- [What the task asks]: Look through the records below for the line holding "- rewrite (lconv_ext _ _ (fun". Write it out exactly, with each following line through the line holding "assert (Hseries : forall y, -1 <= y <= 1 ->".

- [Records for this exercise]:

Lemma Rc_col0 k : (1 <= k <= M + 1)%nat ->
  Rc k 0 = a (k - 1) / (2 * (INR k + lam - 1)) - a (k + 1) / (2 * (INR k + lam + 1)).
Proof. intro Hk; rewrite Rc_col0_trunc, !a_trunc_eq by lia; reflexivity. Qed.

Lemma Rc00 : Rc 0 0 = sum_f_R0 (fun i => let j := S i in
  (-1) ^ (S j) * poch (2 * lam) j / INR (fact j) * Rc j 0) M.
Proof.
  pose proof (Hexp 0 (Nat.le_0_l N) (-1) ltac:(lra)) as Hm1.
  change (lconv (fM lam M a) (gegen lam 0) (-1)
          = gegen_series lam (fun k => Rc k 0) (M + N + 1) (-1)) in Hm1.
  rewrite lconv_m1 in Hm1; unfold gegen_series in Hm1.
  replace (M + N + 1)%nat with (S M + N)%nat in Hm1 by lia.
  rewrite sum_f_R0_zero_tail, decomp_sum in Hm1 by
    (lia || (intros k Hk; rewrite Rc_col0_vanish by lia; ring)).
  simpl pred in Hm1; rewrite gegen_0 in Hm1.
  assert (Hsum : sum_f_R0 (fun i => let j := S i in
                   (-1) ^ (S j) * poch (2 * lam) j / INR (fact j) * Rc j 0) M
                 + sum_f_R0 (fun i => Rc (S i) 0 * gegen lam (S i) (-1)) M = 0).
  { rewrite <- plus_sum, <- (Rmult_0_l (INR (S M))), <- sum_cte.
    apply sum_eq; intros i _; cbv zeta; rewrite gegen_m1; simpl pow; unfold Rdiv; ring. }
  lra.
Qed.

Lemma lconv_fM_gegen_prev n y : (n <= N)%nat -> -1 <= y <= 1 ->
  lconv (fM lam M a) (gegen_prev lam n) y
  = gegen_series lam (fun k => match n with O => 0 | S m => Rc k m end) (S (M + N + 1)) y.
Proof.
  intros Hn Hy; destruct n as [|m].
  - rewrite (lconv_ext _ _ (fun t => 0 * gegen lam 0 t)) by (intro; rewrite gegen_prev_0; ring).
    rewrite (lconv_scal _ fM_cont) by apply gegen_cont.
    rewrite lconv_fM_gegen, <- gegen_series_scal by (lia || assumption).
    apply sum_eq; intros; ring.
  - rewrite (lconv_ext _ _ (gegen lam m)) by apply gegen_prev_S.
    apply lconv_fM_gegen; [lia | assumption].
Qed.

Lemma Rc_rec n k : (n + 1 <= N)%nat -> (1 <= k <= M + N)%nat ->
  Rc k (S n) = Scoef lam n * Rc k O
               + (match n with O => 0 | S m => Rc k m end)
               + (INR n + lam) / (INR k + lam - 1) * Rc (k - 1)%nat n
               - (INR n + lam) / (INR k + lam + 1) * Rc (k + 1)%nat n.
Proof.
  intros Hn Hk.
  set (Rprev := fun k => match n with O => 0 | S m => Rc k m end).
  assert (Hseries : forall y, -1 <= y <= 1 ->
    gegen_series lam (fun k => Rc k (S n) - Rprev k - Scoef lam n * Rc k 0) (S (M + N + 1)) y
    = gegen_series_prim lam (fun k => 2 * (INR n + lam) * Rc k n) (M + N + 1) y + 0).
  { intros y Hy; unfold Rprev.
    rewrite !gegen_series_minus, gegen_series_scal, <- (lconv_fM_gegen (S n)),
      <- (lconv_fM_gegen 0), <- lconv_fM_gegen_prev by (lia || assumption).
    rewrite <- (lconv_gegen_anti _ _ _ _ fM_cont), lconv_fM_gegen_anti by (lia || assumption).
    ring. }
  assert (Hsupp : forall m, (M + N + 1 < m)%nat -> 2 * (INR n + lam) * Rc m n = 0).
  { intros m Hm; rewrite Hzero by lia; ring. }
  pose proof (gegen_series_prim_coef lam shifted_lam_neq0 (M + N + 1) _ _ 0 Hsupp Hseries k
                ltac:(lia)) as Hk'.
  cbv beta in Hk'; fold (Rprev k).
  assert (Hkm : INR k + lam - 1 <> 0).
  { replace (INR k + lam - 1) with (INR (k - 1) + lam) by (rewrite minus_INR by lia; simpl; ring).
    apply shifted_lam_neq0. }
  assert (Hkp : INR k + lam + 1 <> 0).
  { replace (INR k + lam + 1) with (INR (k + 1) + lam) by (rewrite plus_INR; simpl; ring).
    apply shifted_lam_neq0. }
  replace (Rc k (S n)) with ((Rc k (S n) - Rprev k - Scoef lam n * Rc k 0)
                              + Rprev k + Scoef lam n * Rc k 0) by ring.
  rewrite Hk'; field; auto.
Qed.

End Convolution_matrix.

(* [Rc k n] is R^{(lam)}_{k,n}; the convention R_{k,-1} = 0 is the [match n] below. *)
Theorem theorem4p3 (lam : R) (M N : nat) (a : nat -> R) (Rc : nat -> nat -> R)
  (Hlam : -1/2 < lam) (Hlam0 : lam <> 0)
  (Ha1 : a (S M) = 0) (Ha2 : a (S (S M)) = 0)
  (Hexp : forall n : nat, (n <= N)%nat -> forall y : R, -1 <= y <= 1 ->
     RInt (fun t => fM lam M a (y - 1 - t) * gegen lam n t) (-1) y
     = sum_f_R0 (fun k => Rc k n * gegen lam k y) (M + N + 1))
  (Hzero : forall n k : nat, (n <= N)%nat -> (M + N + 1 < k)%nat -> Rc k n = 0) :
  (forall k : nat, (M + 1 < k)%nat -> Rc k O = 0)
  /\ (forall k : nat, (1 <= k <= M + 1)%nat ->
        Rc k O = a (k - 1)%nat / (2 * (INR k + lam - 1))
                 - a (k + 1)%nat / (2 * (INR k + lam + 1)))
  /\ Rc O O = sum_f_R0 (fun i => let j := S i in
                 (-1) ^ (S j) * poch (2 * lam) j / INR (fact j) * Rc j O) M
  /\ (forall n k : nat, (n + 1 <= N)%nat -> (1 <= k <= M + N)%nat ->
        Rc k (S n) = Scoef lam n * Rc k O
                     + (match n with O => 0 | S m => Rc k m end)
                     + (INR n + lam) / (INR k + lam - 1) * Rc (k - 1)%nat n
                     - (INR n + lam) / (INR k + lam + 1) * Rc (k + 1)%nat n).
Proof.
  split; [|split; [|split]];
    [eapply Rc_col0_vanish | eapply Rc_col0 | eapply Rc00 | eapply Rc_rec]; eassumption.
Qed.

- [Solution]:
  - rewrite (lconv_ext _ _ (fun t => 0 * gegen lam 0 t)) by (intro; rewrite gegen_prev_0; ring).
    rewrite (lconv_scal _ fM_cont) by apply gegen_cont.
    rewrite lconv_fM_gegen, <- gegen_series_scal by (lia || assumption).
    apply sum_eq; intros; ring.
  - rewrite (lconv_ext _ _ (gegen lam m)) by apply gegen_prev_S.
    apply lconv_fM_gegen; [lia | assumption].
Qed.

Lemma Rc_rec n k : (n + 1 <= N)%nat -> (1 <= k <= M + N)%nat ->
  Rc k (S n) = Scoef lam n * Rc k O
               + (match n with O => 0 | S m => Rc k m end)
               + (INR n + lam) / (INR k + lam - 1) * Rc (k - 1)%nat n
               - (INR n + lam) / (INR k + lam + 1) * Rc (k + 1)%nat n.
Proof.
  intros Hn Hk.
  set (Rprev := fun k => match n with O => 0 | S m => Rc k m end).
  assert (Hseries : forall y, -1 <= y <= 1 ->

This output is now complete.